Saved entries:
*** Block opens ***

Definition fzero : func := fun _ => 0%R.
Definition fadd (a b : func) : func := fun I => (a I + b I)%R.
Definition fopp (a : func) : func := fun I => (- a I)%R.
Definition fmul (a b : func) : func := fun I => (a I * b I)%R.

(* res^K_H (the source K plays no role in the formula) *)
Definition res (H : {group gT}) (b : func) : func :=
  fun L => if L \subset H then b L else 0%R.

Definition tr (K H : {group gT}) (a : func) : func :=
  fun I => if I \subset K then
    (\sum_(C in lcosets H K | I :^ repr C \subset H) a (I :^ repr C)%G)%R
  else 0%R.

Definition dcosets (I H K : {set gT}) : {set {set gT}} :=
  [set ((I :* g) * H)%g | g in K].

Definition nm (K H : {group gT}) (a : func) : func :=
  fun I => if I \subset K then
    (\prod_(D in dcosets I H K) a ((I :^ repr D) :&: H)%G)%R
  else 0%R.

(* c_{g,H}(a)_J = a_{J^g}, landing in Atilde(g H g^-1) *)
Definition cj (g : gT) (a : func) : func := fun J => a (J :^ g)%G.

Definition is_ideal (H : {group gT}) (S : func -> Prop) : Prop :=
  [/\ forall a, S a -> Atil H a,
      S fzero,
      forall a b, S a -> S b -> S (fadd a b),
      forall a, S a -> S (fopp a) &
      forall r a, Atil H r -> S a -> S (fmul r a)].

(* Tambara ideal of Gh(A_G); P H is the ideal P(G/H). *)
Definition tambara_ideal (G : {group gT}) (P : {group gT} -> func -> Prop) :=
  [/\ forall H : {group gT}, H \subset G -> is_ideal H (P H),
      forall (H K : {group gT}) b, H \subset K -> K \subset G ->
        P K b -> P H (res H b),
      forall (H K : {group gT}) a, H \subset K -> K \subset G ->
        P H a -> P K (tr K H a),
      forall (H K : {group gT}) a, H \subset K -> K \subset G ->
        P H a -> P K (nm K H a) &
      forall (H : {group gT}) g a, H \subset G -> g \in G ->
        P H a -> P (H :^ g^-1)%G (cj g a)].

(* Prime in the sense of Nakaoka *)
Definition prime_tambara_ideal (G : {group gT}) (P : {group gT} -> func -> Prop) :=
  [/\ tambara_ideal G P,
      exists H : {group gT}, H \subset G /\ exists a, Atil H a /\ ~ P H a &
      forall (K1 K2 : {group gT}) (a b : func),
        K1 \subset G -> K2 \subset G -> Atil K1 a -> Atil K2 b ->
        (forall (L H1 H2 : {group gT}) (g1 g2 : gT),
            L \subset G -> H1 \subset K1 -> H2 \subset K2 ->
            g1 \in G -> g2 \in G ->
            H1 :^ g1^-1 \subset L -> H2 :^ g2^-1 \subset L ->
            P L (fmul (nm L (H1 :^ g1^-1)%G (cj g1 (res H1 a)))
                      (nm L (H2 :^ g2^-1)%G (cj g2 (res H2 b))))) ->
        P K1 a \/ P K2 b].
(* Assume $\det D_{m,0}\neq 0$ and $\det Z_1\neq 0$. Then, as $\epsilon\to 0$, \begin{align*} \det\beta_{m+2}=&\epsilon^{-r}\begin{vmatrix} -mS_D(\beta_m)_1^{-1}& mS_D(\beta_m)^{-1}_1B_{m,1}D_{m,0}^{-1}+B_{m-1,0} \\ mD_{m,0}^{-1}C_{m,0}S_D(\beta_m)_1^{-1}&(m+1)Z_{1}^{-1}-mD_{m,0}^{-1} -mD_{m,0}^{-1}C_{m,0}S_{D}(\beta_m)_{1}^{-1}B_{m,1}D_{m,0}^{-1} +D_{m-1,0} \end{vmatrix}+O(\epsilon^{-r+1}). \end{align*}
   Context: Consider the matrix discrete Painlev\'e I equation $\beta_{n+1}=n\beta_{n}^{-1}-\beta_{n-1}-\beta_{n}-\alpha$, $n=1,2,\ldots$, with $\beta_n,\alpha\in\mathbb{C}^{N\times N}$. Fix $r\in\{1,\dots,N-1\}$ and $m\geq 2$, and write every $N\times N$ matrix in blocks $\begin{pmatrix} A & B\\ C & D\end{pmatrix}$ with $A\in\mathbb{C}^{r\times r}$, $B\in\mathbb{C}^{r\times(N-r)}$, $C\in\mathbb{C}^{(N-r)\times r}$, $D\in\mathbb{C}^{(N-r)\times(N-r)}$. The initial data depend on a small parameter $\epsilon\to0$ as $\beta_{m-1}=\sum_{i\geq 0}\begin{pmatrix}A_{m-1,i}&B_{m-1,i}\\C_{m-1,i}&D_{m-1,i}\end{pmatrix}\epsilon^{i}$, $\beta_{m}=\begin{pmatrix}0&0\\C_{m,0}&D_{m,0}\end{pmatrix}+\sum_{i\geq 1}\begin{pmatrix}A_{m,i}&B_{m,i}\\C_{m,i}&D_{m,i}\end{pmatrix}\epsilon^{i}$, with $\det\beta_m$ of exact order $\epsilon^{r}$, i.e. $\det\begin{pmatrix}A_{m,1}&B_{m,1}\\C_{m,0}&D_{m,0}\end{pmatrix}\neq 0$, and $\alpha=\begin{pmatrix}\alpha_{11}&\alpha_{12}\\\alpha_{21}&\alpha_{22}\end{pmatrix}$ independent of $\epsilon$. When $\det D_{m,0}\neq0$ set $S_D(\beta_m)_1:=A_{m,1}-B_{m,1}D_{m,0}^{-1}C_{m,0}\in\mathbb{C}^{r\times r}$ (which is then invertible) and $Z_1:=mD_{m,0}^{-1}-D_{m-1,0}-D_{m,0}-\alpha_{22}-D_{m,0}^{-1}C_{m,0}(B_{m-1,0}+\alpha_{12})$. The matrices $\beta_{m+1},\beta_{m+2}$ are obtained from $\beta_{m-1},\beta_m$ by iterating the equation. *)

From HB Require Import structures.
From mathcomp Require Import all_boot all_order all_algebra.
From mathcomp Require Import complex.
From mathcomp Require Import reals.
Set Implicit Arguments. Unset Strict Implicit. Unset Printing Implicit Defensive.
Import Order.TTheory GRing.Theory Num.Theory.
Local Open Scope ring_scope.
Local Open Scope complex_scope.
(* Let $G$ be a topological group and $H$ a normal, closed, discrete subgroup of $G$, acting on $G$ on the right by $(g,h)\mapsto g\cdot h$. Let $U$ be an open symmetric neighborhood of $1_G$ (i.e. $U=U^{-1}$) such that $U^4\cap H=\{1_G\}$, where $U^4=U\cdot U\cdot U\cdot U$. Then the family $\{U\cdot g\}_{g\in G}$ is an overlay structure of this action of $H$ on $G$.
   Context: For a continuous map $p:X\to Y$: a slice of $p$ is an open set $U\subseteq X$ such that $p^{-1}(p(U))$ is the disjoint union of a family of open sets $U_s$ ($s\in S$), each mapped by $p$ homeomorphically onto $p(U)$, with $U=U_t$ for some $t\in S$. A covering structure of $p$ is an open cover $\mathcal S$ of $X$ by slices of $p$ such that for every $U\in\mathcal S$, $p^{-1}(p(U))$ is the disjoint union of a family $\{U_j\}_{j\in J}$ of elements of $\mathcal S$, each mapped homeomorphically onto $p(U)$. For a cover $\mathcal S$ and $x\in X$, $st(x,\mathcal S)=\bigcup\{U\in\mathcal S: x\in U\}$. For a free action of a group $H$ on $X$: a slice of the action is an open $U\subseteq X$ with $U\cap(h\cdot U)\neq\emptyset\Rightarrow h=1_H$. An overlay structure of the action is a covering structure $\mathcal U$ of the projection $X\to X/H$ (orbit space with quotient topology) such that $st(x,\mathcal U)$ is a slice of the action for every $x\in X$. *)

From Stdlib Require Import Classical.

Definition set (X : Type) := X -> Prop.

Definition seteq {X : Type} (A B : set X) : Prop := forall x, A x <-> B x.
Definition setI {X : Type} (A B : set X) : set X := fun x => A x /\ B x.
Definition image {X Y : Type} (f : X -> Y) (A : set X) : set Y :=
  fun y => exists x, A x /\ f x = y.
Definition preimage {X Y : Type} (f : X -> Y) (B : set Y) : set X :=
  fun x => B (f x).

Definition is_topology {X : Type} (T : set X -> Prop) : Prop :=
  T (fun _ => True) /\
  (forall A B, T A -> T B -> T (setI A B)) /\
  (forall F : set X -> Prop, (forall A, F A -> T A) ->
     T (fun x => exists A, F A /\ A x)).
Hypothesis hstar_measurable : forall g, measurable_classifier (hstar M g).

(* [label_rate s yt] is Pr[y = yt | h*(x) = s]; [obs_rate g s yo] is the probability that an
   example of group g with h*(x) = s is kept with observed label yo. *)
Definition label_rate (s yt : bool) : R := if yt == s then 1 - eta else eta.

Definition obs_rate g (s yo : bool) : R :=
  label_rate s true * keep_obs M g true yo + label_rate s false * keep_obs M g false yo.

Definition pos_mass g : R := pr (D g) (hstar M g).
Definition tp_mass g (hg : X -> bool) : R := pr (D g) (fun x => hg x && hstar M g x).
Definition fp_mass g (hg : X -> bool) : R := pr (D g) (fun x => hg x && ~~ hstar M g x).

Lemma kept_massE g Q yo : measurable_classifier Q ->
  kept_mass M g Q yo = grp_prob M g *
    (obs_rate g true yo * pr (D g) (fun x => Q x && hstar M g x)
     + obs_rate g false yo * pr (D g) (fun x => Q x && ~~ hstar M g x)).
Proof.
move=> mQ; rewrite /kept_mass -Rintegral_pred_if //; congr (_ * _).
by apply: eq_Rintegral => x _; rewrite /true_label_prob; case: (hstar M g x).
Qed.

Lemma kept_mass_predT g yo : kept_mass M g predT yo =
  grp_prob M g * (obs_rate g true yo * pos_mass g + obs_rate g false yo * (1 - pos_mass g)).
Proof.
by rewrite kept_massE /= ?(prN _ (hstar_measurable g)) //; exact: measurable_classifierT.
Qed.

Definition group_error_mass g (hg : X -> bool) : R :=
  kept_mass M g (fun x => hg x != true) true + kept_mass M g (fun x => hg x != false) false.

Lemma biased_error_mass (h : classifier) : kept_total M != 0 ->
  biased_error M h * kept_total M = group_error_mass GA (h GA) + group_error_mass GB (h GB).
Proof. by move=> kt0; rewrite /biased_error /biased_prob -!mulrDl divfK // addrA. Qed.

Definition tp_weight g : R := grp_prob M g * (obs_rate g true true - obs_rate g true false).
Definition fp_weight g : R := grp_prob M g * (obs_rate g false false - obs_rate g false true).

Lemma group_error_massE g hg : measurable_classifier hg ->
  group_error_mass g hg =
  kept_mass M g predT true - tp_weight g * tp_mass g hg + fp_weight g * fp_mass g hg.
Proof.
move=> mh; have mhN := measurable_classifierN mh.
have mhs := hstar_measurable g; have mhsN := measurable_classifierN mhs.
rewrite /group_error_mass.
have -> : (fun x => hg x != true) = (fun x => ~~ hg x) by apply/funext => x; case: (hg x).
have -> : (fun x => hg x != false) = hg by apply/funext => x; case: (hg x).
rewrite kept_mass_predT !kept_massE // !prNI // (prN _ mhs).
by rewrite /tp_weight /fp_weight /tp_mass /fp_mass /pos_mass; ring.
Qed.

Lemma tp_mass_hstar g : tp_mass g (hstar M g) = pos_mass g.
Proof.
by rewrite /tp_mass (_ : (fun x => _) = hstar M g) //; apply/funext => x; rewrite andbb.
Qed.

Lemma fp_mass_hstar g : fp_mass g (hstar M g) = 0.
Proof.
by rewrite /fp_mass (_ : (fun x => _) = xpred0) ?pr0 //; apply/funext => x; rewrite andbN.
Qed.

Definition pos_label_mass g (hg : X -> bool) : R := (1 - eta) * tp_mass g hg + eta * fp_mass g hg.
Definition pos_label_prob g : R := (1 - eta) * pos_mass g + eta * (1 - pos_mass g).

*** Block closes ***

Locate the word "move" in the data above. Copy every line carrying it.

Answer to this problem:
move=> mQ; rewrite /kept_mass -Rintegral_pred_if //; congr (_ * _).
Proof. by move=> kt0; rewrite /biased_error /biased_prob -!mulrDl divfK // addrA. Qed.
move=> mh; have mhN := measurable_classifierN mh.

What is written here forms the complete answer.